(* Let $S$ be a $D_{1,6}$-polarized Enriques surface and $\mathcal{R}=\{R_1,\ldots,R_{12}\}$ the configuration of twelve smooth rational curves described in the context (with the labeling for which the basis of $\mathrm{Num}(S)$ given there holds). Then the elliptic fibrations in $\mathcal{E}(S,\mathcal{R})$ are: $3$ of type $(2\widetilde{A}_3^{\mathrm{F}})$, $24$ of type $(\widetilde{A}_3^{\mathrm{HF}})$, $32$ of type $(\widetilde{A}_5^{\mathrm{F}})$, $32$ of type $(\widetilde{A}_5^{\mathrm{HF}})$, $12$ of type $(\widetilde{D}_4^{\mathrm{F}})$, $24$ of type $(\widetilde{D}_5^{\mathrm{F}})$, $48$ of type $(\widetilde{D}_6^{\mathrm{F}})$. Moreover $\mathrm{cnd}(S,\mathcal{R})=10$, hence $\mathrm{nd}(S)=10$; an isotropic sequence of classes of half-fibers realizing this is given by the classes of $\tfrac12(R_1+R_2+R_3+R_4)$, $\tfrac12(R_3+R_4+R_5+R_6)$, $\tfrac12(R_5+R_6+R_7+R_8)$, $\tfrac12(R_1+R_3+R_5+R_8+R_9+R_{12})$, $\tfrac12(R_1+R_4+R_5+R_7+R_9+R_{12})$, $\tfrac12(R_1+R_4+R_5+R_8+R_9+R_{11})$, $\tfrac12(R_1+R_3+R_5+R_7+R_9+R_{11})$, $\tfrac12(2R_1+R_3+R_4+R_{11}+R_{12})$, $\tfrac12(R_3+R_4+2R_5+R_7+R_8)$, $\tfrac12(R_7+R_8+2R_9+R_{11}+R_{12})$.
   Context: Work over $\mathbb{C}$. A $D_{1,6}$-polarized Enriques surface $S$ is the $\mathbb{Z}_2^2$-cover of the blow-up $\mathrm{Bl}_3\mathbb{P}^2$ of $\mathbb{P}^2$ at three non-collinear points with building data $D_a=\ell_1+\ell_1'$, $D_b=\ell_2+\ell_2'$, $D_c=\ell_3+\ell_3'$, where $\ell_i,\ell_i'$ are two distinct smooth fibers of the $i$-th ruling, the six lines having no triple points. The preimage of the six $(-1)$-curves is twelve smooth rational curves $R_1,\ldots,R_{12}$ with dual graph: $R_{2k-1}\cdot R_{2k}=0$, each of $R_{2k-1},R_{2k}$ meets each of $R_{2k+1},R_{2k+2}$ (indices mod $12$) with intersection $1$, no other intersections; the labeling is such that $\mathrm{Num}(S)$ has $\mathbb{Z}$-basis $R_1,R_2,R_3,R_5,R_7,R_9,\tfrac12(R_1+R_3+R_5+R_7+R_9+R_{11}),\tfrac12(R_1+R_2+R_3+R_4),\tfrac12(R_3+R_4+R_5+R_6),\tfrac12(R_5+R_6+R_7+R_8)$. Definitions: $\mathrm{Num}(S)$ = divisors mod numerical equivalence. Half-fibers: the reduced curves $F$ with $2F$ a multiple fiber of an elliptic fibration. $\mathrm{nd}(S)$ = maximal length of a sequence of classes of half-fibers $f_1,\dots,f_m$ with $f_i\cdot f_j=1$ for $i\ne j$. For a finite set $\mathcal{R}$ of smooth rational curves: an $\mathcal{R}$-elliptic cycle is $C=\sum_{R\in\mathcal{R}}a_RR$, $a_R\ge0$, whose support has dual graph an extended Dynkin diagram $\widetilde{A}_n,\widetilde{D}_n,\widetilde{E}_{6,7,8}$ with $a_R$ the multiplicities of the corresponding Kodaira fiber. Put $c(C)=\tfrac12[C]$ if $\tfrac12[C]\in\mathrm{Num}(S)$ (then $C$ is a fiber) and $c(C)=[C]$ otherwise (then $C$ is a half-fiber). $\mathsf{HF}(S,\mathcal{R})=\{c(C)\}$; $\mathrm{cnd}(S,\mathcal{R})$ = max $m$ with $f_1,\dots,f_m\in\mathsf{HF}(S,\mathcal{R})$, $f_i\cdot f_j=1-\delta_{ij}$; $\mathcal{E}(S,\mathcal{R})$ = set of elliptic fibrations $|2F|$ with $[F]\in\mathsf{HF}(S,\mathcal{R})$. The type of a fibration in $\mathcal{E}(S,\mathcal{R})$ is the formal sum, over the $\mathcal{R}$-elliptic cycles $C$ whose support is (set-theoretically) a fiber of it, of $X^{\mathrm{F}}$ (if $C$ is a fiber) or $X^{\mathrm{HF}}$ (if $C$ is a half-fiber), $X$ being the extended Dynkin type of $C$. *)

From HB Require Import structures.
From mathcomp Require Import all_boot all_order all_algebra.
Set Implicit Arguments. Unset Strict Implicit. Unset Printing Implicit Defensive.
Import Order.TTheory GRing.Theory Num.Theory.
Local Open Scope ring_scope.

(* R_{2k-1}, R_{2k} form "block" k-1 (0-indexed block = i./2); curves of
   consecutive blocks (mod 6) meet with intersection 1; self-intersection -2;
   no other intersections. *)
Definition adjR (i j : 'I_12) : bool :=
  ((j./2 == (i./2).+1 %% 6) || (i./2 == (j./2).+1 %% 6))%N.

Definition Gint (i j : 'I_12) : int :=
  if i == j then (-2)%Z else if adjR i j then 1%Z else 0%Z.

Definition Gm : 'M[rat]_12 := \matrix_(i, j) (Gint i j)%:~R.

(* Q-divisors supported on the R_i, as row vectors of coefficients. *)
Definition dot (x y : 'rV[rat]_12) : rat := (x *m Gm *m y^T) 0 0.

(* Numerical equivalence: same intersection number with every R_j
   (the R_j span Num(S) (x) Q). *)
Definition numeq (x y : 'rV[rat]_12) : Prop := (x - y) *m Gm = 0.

_ _ _ _

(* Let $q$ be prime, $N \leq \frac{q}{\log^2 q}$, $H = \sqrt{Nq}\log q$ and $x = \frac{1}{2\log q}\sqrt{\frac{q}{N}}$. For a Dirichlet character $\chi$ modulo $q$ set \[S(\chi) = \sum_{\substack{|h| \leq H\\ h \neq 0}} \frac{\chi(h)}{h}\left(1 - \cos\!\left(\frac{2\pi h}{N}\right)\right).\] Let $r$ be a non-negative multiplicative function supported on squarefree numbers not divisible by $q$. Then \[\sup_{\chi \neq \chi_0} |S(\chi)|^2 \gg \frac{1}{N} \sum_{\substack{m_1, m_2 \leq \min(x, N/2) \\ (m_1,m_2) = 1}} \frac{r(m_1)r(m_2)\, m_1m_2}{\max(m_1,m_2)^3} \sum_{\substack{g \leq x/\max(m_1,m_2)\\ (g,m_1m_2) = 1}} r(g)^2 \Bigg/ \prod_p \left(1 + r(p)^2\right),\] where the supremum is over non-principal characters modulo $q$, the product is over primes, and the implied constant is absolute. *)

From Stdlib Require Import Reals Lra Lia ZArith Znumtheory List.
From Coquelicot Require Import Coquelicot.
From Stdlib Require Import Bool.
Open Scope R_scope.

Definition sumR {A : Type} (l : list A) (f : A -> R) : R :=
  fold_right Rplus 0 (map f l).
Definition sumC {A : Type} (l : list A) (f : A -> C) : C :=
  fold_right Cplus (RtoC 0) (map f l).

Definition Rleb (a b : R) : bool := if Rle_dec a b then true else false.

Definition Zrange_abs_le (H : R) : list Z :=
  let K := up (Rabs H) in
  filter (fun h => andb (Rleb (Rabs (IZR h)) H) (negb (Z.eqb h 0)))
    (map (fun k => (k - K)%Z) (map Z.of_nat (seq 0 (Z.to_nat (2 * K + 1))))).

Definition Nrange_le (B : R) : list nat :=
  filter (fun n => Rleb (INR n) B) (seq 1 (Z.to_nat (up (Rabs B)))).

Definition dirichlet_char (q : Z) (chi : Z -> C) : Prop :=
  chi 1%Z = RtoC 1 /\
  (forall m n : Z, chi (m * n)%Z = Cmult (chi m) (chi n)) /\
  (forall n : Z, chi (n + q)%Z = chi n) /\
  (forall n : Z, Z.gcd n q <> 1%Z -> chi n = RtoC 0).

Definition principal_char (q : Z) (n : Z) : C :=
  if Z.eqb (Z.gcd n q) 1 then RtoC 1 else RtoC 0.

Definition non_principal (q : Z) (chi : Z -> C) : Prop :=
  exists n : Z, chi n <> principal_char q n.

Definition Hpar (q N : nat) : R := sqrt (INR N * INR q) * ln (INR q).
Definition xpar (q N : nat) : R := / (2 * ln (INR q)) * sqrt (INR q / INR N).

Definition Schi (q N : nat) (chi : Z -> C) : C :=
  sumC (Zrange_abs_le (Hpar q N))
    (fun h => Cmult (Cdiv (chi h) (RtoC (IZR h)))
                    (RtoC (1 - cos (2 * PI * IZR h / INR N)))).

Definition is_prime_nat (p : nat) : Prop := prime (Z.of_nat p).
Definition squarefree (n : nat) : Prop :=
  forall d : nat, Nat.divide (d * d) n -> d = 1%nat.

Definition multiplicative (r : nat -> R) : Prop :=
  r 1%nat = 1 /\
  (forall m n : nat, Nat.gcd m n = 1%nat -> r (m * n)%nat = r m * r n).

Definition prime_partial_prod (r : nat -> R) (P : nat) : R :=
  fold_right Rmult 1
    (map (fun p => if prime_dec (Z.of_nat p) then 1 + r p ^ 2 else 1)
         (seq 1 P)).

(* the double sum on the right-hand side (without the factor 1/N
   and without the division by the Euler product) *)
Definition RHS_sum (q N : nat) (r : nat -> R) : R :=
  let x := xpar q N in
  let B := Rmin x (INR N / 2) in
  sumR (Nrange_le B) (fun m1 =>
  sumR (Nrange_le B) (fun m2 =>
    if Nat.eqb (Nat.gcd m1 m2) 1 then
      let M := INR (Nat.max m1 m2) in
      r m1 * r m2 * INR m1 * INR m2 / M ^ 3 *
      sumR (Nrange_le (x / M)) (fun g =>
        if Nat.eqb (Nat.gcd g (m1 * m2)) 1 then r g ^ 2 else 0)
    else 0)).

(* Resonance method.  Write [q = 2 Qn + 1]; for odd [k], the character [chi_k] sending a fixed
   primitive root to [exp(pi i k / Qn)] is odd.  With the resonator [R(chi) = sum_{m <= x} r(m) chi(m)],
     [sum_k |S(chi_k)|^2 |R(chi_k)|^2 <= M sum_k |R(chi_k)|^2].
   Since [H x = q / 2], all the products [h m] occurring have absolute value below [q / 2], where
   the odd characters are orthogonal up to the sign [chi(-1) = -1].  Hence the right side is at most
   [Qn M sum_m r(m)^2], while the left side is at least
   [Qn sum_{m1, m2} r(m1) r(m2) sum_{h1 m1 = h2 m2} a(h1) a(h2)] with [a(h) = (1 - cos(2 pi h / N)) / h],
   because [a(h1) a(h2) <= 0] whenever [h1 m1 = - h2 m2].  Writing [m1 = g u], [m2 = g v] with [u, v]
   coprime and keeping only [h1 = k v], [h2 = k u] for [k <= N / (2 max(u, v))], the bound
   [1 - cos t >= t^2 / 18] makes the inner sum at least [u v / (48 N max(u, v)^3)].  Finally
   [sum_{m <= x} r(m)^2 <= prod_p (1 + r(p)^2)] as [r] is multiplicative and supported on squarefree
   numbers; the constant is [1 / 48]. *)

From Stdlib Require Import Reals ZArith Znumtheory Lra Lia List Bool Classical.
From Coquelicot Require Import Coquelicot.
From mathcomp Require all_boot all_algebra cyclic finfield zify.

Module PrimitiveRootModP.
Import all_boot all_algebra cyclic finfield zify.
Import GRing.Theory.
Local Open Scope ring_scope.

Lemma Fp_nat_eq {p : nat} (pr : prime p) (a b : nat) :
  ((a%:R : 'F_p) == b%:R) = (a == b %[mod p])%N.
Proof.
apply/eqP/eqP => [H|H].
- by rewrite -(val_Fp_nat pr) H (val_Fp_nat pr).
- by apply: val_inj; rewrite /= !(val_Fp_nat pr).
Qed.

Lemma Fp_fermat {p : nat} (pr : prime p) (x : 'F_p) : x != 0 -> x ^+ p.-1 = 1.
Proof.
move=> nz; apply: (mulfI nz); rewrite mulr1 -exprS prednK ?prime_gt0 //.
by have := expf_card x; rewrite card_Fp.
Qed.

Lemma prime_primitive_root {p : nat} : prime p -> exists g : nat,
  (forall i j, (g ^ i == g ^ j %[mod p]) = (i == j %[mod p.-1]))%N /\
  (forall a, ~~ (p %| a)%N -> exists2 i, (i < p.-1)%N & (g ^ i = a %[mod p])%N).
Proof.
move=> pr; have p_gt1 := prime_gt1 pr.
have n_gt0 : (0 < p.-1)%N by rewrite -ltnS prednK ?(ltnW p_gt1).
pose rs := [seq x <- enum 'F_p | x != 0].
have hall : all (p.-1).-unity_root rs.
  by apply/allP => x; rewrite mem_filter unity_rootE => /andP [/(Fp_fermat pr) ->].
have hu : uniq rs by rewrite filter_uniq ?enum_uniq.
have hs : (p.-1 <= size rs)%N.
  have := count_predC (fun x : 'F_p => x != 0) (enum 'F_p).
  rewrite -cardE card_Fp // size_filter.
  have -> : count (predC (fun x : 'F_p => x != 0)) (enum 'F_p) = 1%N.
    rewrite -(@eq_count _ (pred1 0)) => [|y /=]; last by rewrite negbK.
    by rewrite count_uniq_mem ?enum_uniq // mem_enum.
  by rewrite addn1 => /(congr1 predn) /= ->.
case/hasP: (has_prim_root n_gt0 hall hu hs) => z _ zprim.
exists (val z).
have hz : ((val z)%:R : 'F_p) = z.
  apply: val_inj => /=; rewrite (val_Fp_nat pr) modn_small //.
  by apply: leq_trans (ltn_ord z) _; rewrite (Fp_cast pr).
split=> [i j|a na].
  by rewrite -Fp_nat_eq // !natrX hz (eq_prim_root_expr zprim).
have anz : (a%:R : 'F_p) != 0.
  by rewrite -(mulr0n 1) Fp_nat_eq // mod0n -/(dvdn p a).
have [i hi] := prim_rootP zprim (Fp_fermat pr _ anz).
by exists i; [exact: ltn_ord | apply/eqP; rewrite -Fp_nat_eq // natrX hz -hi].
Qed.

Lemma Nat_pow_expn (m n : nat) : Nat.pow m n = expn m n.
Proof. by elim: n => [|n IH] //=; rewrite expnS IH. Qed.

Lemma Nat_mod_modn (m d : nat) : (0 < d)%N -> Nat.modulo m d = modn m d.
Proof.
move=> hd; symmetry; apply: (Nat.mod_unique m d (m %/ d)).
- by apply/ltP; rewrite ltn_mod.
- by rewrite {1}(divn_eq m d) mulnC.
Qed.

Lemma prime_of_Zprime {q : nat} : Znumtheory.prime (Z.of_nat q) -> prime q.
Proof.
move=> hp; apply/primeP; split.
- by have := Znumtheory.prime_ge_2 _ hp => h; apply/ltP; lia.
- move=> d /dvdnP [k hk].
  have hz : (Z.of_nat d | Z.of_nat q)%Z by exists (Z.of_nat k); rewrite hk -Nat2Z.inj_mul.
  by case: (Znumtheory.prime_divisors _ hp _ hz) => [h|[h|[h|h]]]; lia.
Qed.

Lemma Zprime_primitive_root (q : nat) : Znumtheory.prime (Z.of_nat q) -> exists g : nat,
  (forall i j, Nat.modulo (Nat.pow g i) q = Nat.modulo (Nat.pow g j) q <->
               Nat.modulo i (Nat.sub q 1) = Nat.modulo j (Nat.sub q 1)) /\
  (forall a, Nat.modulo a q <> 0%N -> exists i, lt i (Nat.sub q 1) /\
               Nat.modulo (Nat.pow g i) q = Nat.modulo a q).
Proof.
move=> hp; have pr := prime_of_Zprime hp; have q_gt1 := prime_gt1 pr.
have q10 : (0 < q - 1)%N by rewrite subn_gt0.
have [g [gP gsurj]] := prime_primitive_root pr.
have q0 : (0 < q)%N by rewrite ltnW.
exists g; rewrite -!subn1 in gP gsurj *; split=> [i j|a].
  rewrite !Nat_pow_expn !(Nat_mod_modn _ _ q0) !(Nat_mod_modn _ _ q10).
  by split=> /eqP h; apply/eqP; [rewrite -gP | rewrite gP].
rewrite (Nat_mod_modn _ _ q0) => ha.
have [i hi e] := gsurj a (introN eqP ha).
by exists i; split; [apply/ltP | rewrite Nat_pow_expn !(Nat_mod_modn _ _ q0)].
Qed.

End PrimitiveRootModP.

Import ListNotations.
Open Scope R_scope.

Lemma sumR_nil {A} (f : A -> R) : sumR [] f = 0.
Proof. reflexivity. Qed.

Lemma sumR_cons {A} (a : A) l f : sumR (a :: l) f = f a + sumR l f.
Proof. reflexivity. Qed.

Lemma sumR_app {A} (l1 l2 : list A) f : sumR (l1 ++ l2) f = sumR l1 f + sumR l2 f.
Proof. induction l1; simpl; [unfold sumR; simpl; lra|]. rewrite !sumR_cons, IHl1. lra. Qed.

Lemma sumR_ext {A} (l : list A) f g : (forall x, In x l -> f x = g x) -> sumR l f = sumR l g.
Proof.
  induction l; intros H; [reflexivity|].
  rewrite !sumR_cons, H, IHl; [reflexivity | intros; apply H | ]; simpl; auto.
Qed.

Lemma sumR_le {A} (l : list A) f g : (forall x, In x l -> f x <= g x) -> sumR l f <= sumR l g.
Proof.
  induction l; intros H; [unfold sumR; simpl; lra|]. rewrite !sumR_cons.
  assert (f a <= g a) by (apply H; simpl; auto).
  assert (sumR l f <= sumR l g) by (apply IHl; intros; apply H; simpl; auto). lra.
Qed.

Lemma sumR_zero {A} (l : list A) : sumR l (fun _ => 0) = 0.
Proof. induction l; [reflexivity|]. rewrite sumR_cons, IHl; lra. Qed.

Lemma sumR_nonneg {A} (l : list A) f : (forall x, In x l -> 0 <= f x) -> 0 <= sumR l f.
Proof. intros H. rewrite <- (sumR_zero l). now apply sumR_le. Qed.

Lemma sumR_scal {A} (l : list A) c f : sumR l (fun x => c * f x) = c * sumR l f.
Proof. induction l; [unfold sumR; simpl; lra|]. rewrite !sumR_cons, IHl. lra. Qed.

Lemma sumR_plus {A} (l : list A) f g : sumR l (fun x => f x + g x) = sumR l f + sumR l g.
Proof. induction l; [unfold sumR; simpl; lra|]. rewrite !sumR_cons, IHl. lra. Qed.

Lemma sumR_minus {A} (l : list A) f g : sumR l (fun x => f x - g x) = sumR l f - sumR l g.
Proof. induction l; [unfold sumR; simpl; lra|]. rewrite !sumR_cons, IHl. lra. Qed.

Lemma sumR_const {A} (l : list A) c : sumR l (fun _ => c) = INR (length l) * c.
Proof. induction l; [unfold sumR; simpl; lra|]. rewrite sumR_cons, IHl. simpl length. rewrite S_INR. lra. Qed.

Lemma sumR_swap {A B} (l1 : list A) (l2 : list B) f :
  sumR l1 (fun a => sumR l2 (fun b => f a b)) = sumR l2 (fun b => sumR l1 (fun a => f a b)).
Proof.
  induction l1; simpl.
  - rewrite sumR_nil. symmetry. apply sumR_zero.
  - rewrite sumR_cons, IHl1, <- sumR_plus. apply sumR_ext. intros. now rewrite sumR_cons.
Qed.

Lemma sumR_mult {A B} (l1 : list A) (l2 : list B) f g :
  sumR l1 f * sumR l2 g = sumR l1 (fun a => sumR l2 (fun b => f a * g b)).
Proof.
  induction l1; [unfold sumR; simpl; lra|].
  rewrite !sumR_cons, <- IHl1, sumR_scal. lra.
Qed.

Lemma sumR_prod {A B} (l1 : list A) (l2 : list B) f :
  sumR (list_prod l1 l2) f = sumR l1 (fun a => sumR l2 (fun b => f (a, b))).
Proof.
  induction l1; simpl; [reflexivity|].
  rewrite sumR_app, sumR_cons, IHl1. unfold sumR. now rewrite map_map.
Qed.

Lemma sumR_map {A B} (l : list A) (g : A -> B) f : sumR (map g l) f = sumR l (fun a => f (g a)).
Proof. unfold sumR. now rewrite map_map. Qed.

_ _ _ _

What is expected.
The response should be the listing above, limited to the lines between the one holding "rewrite sumR_app, sumR_cons, IHl1." and the one holding "Proof. unfold sumR. now rewrite map_map. Qed.", inclusive, reproduced exactly.

Exercise result.
  rewrite sumR_app, sumR_cons, IHl1. unfold sumR. now rewrite map_map.
Qed.

Lemma sumR_map {A B} (l : list A) (g : A -> B) f : sumR (map g l) f = sumR l (fun a => f (g a)).
Proof. unfold sumR. now rewrite map_map. Qed.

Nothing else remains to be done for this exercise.